= If the Smoke Don't Get You, the Meatloaf Will =

If The Smoke Don't Get You, The Meatloaf Will is an art exhibit produced by Muistardeaux Collective (Thomas Borden, Eric Gibbons, Khyssup Muistardeaux), between June 29-July 5, 2008 at the Diego Rivera Gallery in San Francisco, California. This was Muistardeaux Collective's debut exhibit. It featured an arrow, a ninety-pound meatloaf, a plexiglass smoking chamber, a 32’x8’ wood paneling painting, a video of Muistardeaux Collective chasing cows and smoking parliament cigarettes in a makeshift teepee, a 1972 Chevrolet C20 van (the “MSU - Mobile Smoking Unit”), a two-way surveillance camera system, and an extensive air ductwork and forced air motor system. The ductwork and forced air system connected the MSU, which was parked outside the gallery, to a plexiglass vitrine containing the meatloaf, and to the smoking chamber. Both the vitrine and the chamber were connected via ductwork to two vents at the entry to the gallery. Muistardeaux Collective members Thomas Borden and Eric Gibbons lived in the MSU for the week that the exhibit was installed at the gallery.
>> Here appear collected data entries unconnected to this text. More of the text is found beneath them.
(* For all integers $m,n\geq 5$ with $m\neq 6$, $m\neq 8$ and $n\neq 7$, $\chi_i(C_m\Box C_n)\leq 6$.
   Context: For a graph $G$, an incidence is a pair $(v,e)$ with $v\in V(G)$, $e\in E(G)$ and $v$ incident with $e$. Two incidences $(v,e)$ and $(w,f)$ are adjacent if $v=w$, or $e=f$, or the edge $vw$ equals $e$ or $f$. An incidence $k$-coloring of $G$ is a map from the set of incidences of $G$ to a set of $k$ colors such that adjacent incidences receive distinct colors; the incidence chromatic number $\chi_i(G)$ is the least such $k$. $C_n$ denotes the cycle on $n$ vertices and $\Box$ the Cartesian product of graphs: $G\Box H$ has vertex set $V(G)\times V(H)$, with $(u_1,v_1)$ adjacent to $(u_2,v_2)$ iff either $u_1=u_2$ and $v_1v_2\in E(H)$, or $v_1=v_2$ and $u_1u_2\in E(G)$. *)

From mathcomp Require Import all_boot.
Set Implicit Arguments. Unset Strict Implicit. Unset Printing Implicit Defensive.

(* A simple graph is given by a vertex finType T and an adjacency relation
   adj (assumed symmetric and irreflexive for the graphs we use). *)

Definition edges (T : finType) (adj : rel T) : {set {set T}} :=
  [set E : {set T} | [exists x : T, exists y : T, adj x y && (E == [set x; y])]].

Definition is_incidence (T : finType) (adj : rel T) (p : T * {set T}) : bool :=
  (p.2 \in edges adj) && (p.1 \in p.2).

Definition inc_adjacent (T : finType) (p q : T * {set T}) : bool :=
  [|| p.1 == q.1, p.2 == q.2, [set p.1; q.1] == p.2 | [set p.1; q.1] == q.2].

Definition inc_colorable (T : finType) (adj : rel T) (k : nat) : bool :=
  [exists f : {ffun T * {set T} -> 'I_k},
    [forall p, forall q,
      [&& is_incidence adj p, is_incidence adj q, p != q & inc_adjacent p q]
        ==> (f p != f q)]].

(* Incidence chromatic number: least k admitting an incidence k-coloring
   (searching k = 0 .. N where N = #|T * {set T}|, for which a coloring
   always exists, e.g. an injective one). *)
Definition inc_chi (T : finType) (adj : rel T) : nat :=
  find (inc_colorable adj) (iota 0 (#|{: T * {set T}}|).+1).

Definition cycle_adj (n : nat) : rel 'I_n :=
  fun i j => (val j == i.+1 %% n) || (val i == j.+1 %% n).

Definition cart_adj (U V : finType) (a : rel U) (b : rel V) : rel (U * V) :=
  fun x y => ((x.1 == y.1) && b x.2 y.2) || ((x.2 == y.2) && a x.1 y.1).

From mathcomp Require Import all_boot zify.
Set Implicit Arguments. Unset Strict Implicit. Unset Printing Implicit Defensive.

(* An incidence coloring of the torus C_m □ C_n only has to give distinct
   colors to the four incidences at each vertex v and make the color of
   (v, vw) avoid every color used at w.  The incidences at a vertex are
   colored by a tile chosen by a column type a < 6 and a row type b < 7; the
   42 tiles are checked by computation to fit together whenever the column
   types follow the transitions 0->1->2->3->4->0 and 0->5->0, and the row
   types the transitions 0->1->2->3->4->0 and 0->5->6->0.  Gluing these
   closed walks gives cyclic column sequences of every length 5a + 2b, i.e.
   every m >= 4, and cyclic row sequences of every length 5a + 3b, i.e.
   every n >= 5 except 7. *)

Lemma cycle_nth (T : eqType) (r : rel T) x0 (s : seq T) i :
  cycle r s -> i < size s -> r (nth x0 s i) (nth x0 s (i.+1 %% size s)).
Proof.
case: s => [//|x s] /= /(pathP x0) r_s lt_i_s.
have := r_s i; rewrite size_rcons -rcons_cons nth_rcons /= lt_i_s => /(_ isT).
rewrite nth_rcons; have [lt_i_s' | le_s_i] := ltnP i (size s).
  by rewrite modn_small.
have -> : i = size s by lia.
by rewrite eqxx modnn.
Qed.

Lemma cycle_cat_loops (T : eqType) (r : rel T) x s t :
  cycle r (x :: s) -> cycle r (x :: t) -> cycle r (x :: s ++ x :: t).
Proof.
rewrite /= rcons_cat !rcons_path cat_path /= => /andP[-> ->].
by rewrite rcons_path.
Qed.

Definition glue_loops (T : Type) (x : T) (cs : seq (seq T)) : seq T :=
  flatten [seq x :: c | c <- cs].

Lemma cycle_glue_loops (T : eqType) (r : rel T) x cs :
  all (fun c => cycle r (x :: c)) cs -> cycle r (glue_loops x cs).
Proof.
case: cs => [//|c cs] /= /andP[]; elim: cs c => [|c' cs IHcs] c r_c /=.
  by rewrite cats0.
by case/andP=> r_c' r_cs; exact: (cycle_cat_loops r_c (IHcs _ r_c' r_cs)).
Qed.

Lemma size_glue_loops (T : Type) (x : T) cs :
  size (glue_loops x cs) = sumn [seq (size c).+1 | c <- cs].
Proof. by rewrite size_flatten /shape -map_comp. Qed.

Lemma cycle_of_loop_lengths (T : eqType) (r : rel T) x s t a b :
  cycle r (x :: s) -> cycle r (x :: t) ->
  exists2 w, size w = a * (size s).+1 + b * (size t).+1 & cycle r w.
Proof.
move=> r_s r_t; exists (glue_loops x (nseq a s ++ nseq b t)).
  by rewrite size_glue_loops map_cat !map_nseq sumn_cat !sumn_nseq mulnC [b * _]mulnC.
by rewrite cycle_glue_loops // all_cat !all_nseq r_s r_t !orbT.
Qed.

Lemma sum_of_fives_and_twos m : 4 <= m -> exists a b, m = a * 5 + b * 2.
Proof. by move=> le4m; exists (m %% 2), ((m - 5 * (m %% 2)) %/ 2); lia. Qed.

Lemma sum_of_fives_and_threes n : 5 <= n -> n != 7 -> exists a b, n = a * 5 + b * 3.
Proof. by move=> le5n ne7n; exists ((2 * n) %% 3), ((n - 5 * ((2 * n) %% 3)) %/ 3); lia. Qed.

Lemma inc_chi_le (T : finType) (adj : rel T) k :
  k <= #|{: T * {set T}}| -> inc_colorable adj k -> inc_chi adj <= k.
Proof.
move=> le_k_N col_k; rewrite /inc_chi leqNgt; apply/negP => lt_k_chi.
by have := before_find 0 lt_k_chi; rewrite nth_iota // add0n col_k.
Qed.

Section Torus.
Variables m n : nat.
Local Notation V := ('I_m * 'I_n)%type.
Local Notation adj := (cart_adj (@cycle_adj m) (@cycle_adj n)).

Definition step (v : V) (d : 'I_4) : V :=
  match val d with
  | 0 => (ordS v.1, v.2)
  | 1 => (ord_pred v.1, v.2)
  | 2 => (v.1, ordS v.2)
  | _ => (v.1, ord_pred v.2)
  end.

Lemma cycle_adjE k (i j : 'I_k) : cycle_adj i j -> j = ordS i \/ j = ord_pred i.
Proof.
case/orP => /eqP j_eq; [left | right]; first exact: val_inj.
by rewrite -[j]ordSK; congr ord_pred; apply: val_inj.
Qed.

Lemma cycle_adj_sym k : symmetric (@cycle_adj k).
Proof. by move=> i j; rewrite /cycle_adj orbC. Qed.

Lemma torus_adj_sym : symmetric adj.
Proof.
move=> v w; rewrite /cart_adj !(cycle_adj_sym v.1, cycle_adj_sym v.2).
by rewrite !(eq_sym v.1, eq_sym v.2).
Qed.

Lemma torus_adj_step v w : adj v w -> exists d, w = step v d.
Proof.
case: v w => [v1 v2] [w1 w2]; rewrite /cart_adj /=.
case/orP => /andP[/eqP <- /cycle_adjE[] ->].
- by exists (@Ordinal 4 2 isT).
- by exists (@Ordinal 4 3 isT).
- by exists (@Ordinal 4 0 isT).
- by exists (@Ordinal 4 1 isT).
Qed.

Definition dir_of (p : V * {set V}) : 'I_4 :=
  odflt ord0 [pick d | p.2 == [set p.1; step p.1 d]].

Lemma incidence_dir p : is_incidence adj p -> p.2 = [set p.1; step p.1 (dir_of p)].
Proof.
case: p => v E /andP[] /=; rewrite inE => /existsP[x] /existsP[y] /andP[adj_xy /eqP ->] v_xy.
have [w adj_vw xy_vw] : exists2 w, adj v w & [set x; y] = [set v; w].
  move: v_xy; rewrite !inE => /orP[] /eqP ->; first by exists y.
  by exists x; [rewrite torus_adj_sym | rewrite setUC].
have [d w_step] := torus_adj_step adj_vw.
rewrite /dir_of /=; case: pickP => [d' /eqP //| no_dir].
by have := no_dir d; rewrite xy_vw w_step eqxx.
Qed.

Lemma torus_inc_colorable k (c : V -> 'I_4 -> 'I_k) :
  (forall v, injective (c v)) -> (forall v d e, c v d != c (step v d) e) ->
  inc_colorable adj k.
Proof.
move=> c_inj c_step.
apply/existsP; exists [ffun p => c p.1 (dir_of p)].
apply/forallP => -[v E]; apply/forallP => -[x F]; apply/implyP.
case/and4P => /incidence_dir /= E_eq /incidence_dir /= F_eq neq_pq.
rewrite !ffunE; set d := dir_of _ in E_eq neq_pq *; set e := dir_of _ in F_eq neq_pq *.
have in_pair (a b b' : V) : a != b -> a \in [set b; b'] -> a = b'.
  by move=> ne_ab; rewrite !inE (negbTE ne_ab) => /eqP.
have [eq_vx | ne_vx] := eqVneq v x.
  move=> _ /=; subst x.
  by apply: contra neq_pq => /eqP/c_inj de; rewrite E_eq F_eq de.
have ne_xv : x != v by rewrite eq_sym.
rewrite /inc_adjacent /= (negbTE ne_vx) /=; case/or3P => /eqP EF.
- by rewrite (in_pair x v (step v d)) // -E_eq EF F_eq !inE eqxx.
- by rewrite (in_pair x v (step v d)) // -E_eq -EF !inE eqxx orbT.
- by rewrite eq_sym (in_pair v x (step x e)) // -F_eq -EF !inE eqxx.
Qed.

End Torus.

Definition tiles : seq (seq (seq nat)) :=
[:: [:: [:: 2; 0; 4; 1]; [:: 0; 1; 2; 3]; [:: 1; 3; 0; 5]; [:: 5; 2; 3; 4]; [:: 2; 4; 5; 0]; [:: 5; 1; 0; 3]; [:: 3; 4; 5; 2]];
    [:: [:: 5; 3; 1; 4]; [:: 3; 5; 4; 2]; [:: 5; 2; 3; 0]; [:: 0; 1; 2; 4]; [:: 5; 1; 0; 3]; [:: 4; 2; 3; 0]; [:: 0; 1; 2; 5]];
    [:: [:: 2; 0; 4; 3]; [:: 2; 0; 1; 5]; [:: 2; 4; 0; 3]; [:: 2; 3; 5; 1]; [:: 0; 2; 1; 4]; [:: 0; 1; 3; 5]; [:: 1; 4; 5; 2]];
    [:: [:: 3; 5; 0; 1]; [:: 1; 3; 5; 4]; [:: 3; 1; 4; 0]; [:: 3; 0; 1; 5]; [:: 5; 3; 4; 2]; [:: 3; 2; 1; 4]; [:: 2; 3; 4; 0]];
    [:: [:: 5; 2; 1; 4]; [:: 4; 2; 0; 3]; [:: 4; 5; 2; 1]; [:: 1; 4; 5; 0]; [:: 1; 0; 3; 2]; [:: 4; 5; 2; 0]; [:: 0; 5; 3; 1]];
    [:: [:: 3; 5; 1; 4]; [:: 4; 5; 3; 2]; [:: 4; 2; 5; 0]; [:: 0; 1; 4; 3]; [:: 1; 3; 0; 5]; [:: 4; 2; 3; 0]; [:: 0; 1; 2; 5]]].

(* [tile a b] lists the colors of the four incidences at a vertex of type
   (a, b), in the order of the directions of [step]. *)
Definition tile (a b : nat) : seq nat := nth [::] (nth [::] tiles a) b.

Definition proper_tile (s : seq nat) : bool :=
  [&& uniq s, size s == 4 & all (fun c => c < 6) s].

Lemma tiles_proper a b : a < 6 -> b < 7 -> proper_tile (tile a b).
Proof.
move=> lt_a lt_b.
have /allP/(_ a) : all (fun a => all (fun b => proper_tile (tile a b)) (iota 0 7)) (iota 0 6).
  by [].
by rewrite mem_iota lt_a => /(_ isT)/allP/(_ b); rewrite mem_iota lt_b; apply.
Qed.

Definition x_compatible : rel nat := fun a a' =>
  (a < 6) && all (fun b => (nth 0 (tile a b) 0 \notin tile a' b)
                        && (nth 0 (tile a' b) 1 \notin tile a b)) (iota 0 7).

Definition y_compatible : rel nat := fun b b' =>
  (b < 7) && all (fun a => (nth 0 (tile a b) 2 \notin tile a b')
                        && (nth 0 (tile a b') 3 \notin tile a b)) (iota 0 6).

Lemma x_compatible_cycle m : 4 <= m -> exists2 w, size w = m & cycle x_compatible w.
Proof.
case/sum_of_fives_and_twos => a [b ->].
exact: (@cycle_of_loop_lengths _ _ 0 [:: 1; 2; 3; 4] [:: 5]).
Qed.

Lemma y_compatible_cycle n : 5 <= n -> n != 7 -> exists2 w, size w = n & cycle y_compatible w.
Proof.
move=> le5n ne7n; have [a [b ->]] := sum_of_fives_and_threes le5n ne7n.
exact: (@cycle_of_loop_lengths _ _ 0 [:: 1; 2; 3; 4] [:: 5; 6]).
Qed.

Section TiledTorus.
Variables (m n : nat) (wx wy : seq nat).
Hypotheses (size_wx : size wx = m) (size_wy : size wy = n).
Hypotheses (cycle_wx : cycle x_compatible wx) (cycle_wy : cycle y_compatible wy).

Let x_next (i : 'I_m) : x_compatible (nth 0 wx i) (nth 0 wx (ordS i)).
Proof. by have := cycle_nth 0 (i := i) cycle_wx; rewrite size_wx; apply. Qed.

Let y_next (j : 'I_n) : y_compatible (nth 0 wy j) (nth 0 wy (ordS j)).
Proof. by have := cycle_nth 0 (i := j) cycle_wy; rewrite size_wy; apply. Qed.

Let tile_at (v : 'I_m * 'I_n) : seq nat := tile (nth 0 wx v.1) (nth 0 wy v.2).

Let proper_tile_at v : proper_tile (tile_at v).
Proof. by apply: tiles_proper; [case/andP: (x_next v.1) | case/andP: (y_next v.2)]. Qed.

Let x_notin i j :
  (nth 0 (tile_at (i, j)) 0 \notin tile_at (ordS i, j))
  && (nth 0 (tile_at (ordS i, j)) 1 \notin tile_at (i, j)).
Proof. by case/andP: (x_next i) => _ /allP; apply; rewrite mem_iota; case/andP: (y_next j). Qed.

Let y_notin i j :
  (nth 0 (tile_at (i, j)) 2 \notin tile_at (i, ordS j))
  && (nth 0 (tile_at (i, ordS j)) 3 \notin tile_at (i, j)).
Proof. by case/andP: (y_next j) => _ /allP; apply; rewrite mem_iota; case/andP: (x_next i). Qed.

Let color v (d : 'I_4) : 'I_6 := inord (nth 0 (tile_at v) d).

Let colorE v d : color v d = nth 0 (tile_at v) d :> nat.
Proof.
case/and3P: (proper_tile_at v) => _ /eqP size4 /allP lt6.
by rewrite inordK // ltnS -ltnS lt6 // mem_nth // size4.
Qed.

Let color_neq v w (d e : 'I_4) :
  nth 0 (tile_at v) d \notin tile_at w -> color v d != color w e.
Proof.
move=> notin; apply: contra notin => /eqP/(congr1 (@nat_of_ord 6)); rewrite !colorE => ->.
by case/and3P: (proper_tile_at w) => _ /eqP size4 _; rewrite mem_nth // size4.
Qed.

Lemma tiled_torus_inc_colorable : inc_colorable (cart_adj (@cycle_adj m) (@cycle_adj n)) 6.
Proof.
apply: (@torus_inc_colorable _ _ _ color) => [v d e /(congr1 (@nat_of_ord 6)) | [i j] d e].
  rewrite !colorE; case/and3P: (proper_tile_at v) => uniq_v /eqP size4 _.
  by move/eqP; rewrite nth_uniq ?size4 // => /eqP/val_inj.
case: d => -[|[|[|[|//]]]] ?; apply: color_neq.
- by case/andP: (x_notin i j).
- by case/andP: (x_notin (ord_pred i) j); rewrite ord_predK.
- by case/andP: (y_notin i j).
- by case/andP: (y_notin i (ord_pred j)); rewrite ord_predK.
Qed.

End TiledTorus.

Theorem lemma3 (m n : nat) :
  5 <= m -> 5 <= n -> m != 6 -> m != 8 -> n != 7 ->
  inc_chi (cart_adj (@cycle_adj m) (@cycle_adj n)) <= 6.
Proof.
move=> le5m le5n _ _ ne7n.
have [wx size_wx cycle_wx] := x_compatible_cycle (ltnW le5m).
have [wy size_wy cycle_wy] := y_compatible_cycle le5n ne7n.
apply: inc_chi_le; last exact: tiled_torus_inc_colorable size_wx size_wy cycle_wx cycle_wy.
rewrite !card_prod !card_ord.
have sets_gt0 : 0 < #|{: {set 'I_m * 'I_n}}| by apply/card_gt0P; exists set0.
by apply: leq_trans (leq_pmulr _ sets_gt0); nia.
Qed.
The opening for the exhibit was on Tuesday July 1, 2008. The refreshments served were WPLJ (white port and lemon juice) and Beardash Punch (fresh water and snicker bars). The artists talk was delivered by three actors playing the Muistardeaux Collective members. Christy Crowley played Collective leader Khyssup Muistardeaux, Jeffrey Weissman played Eric Gibbons, and Fred Sharkey played Thomas Borden. Borden and Gibbons were sitting in the MSU during the opening smoking Parliament cigarettes. Weissmann and Sharkey also appeared in the Muistardeaux Collective sculpture exhibit Sculpture The Movie.

Matthew C. Walcutt lived in the MSU as a visiting artist on July 4, 2008.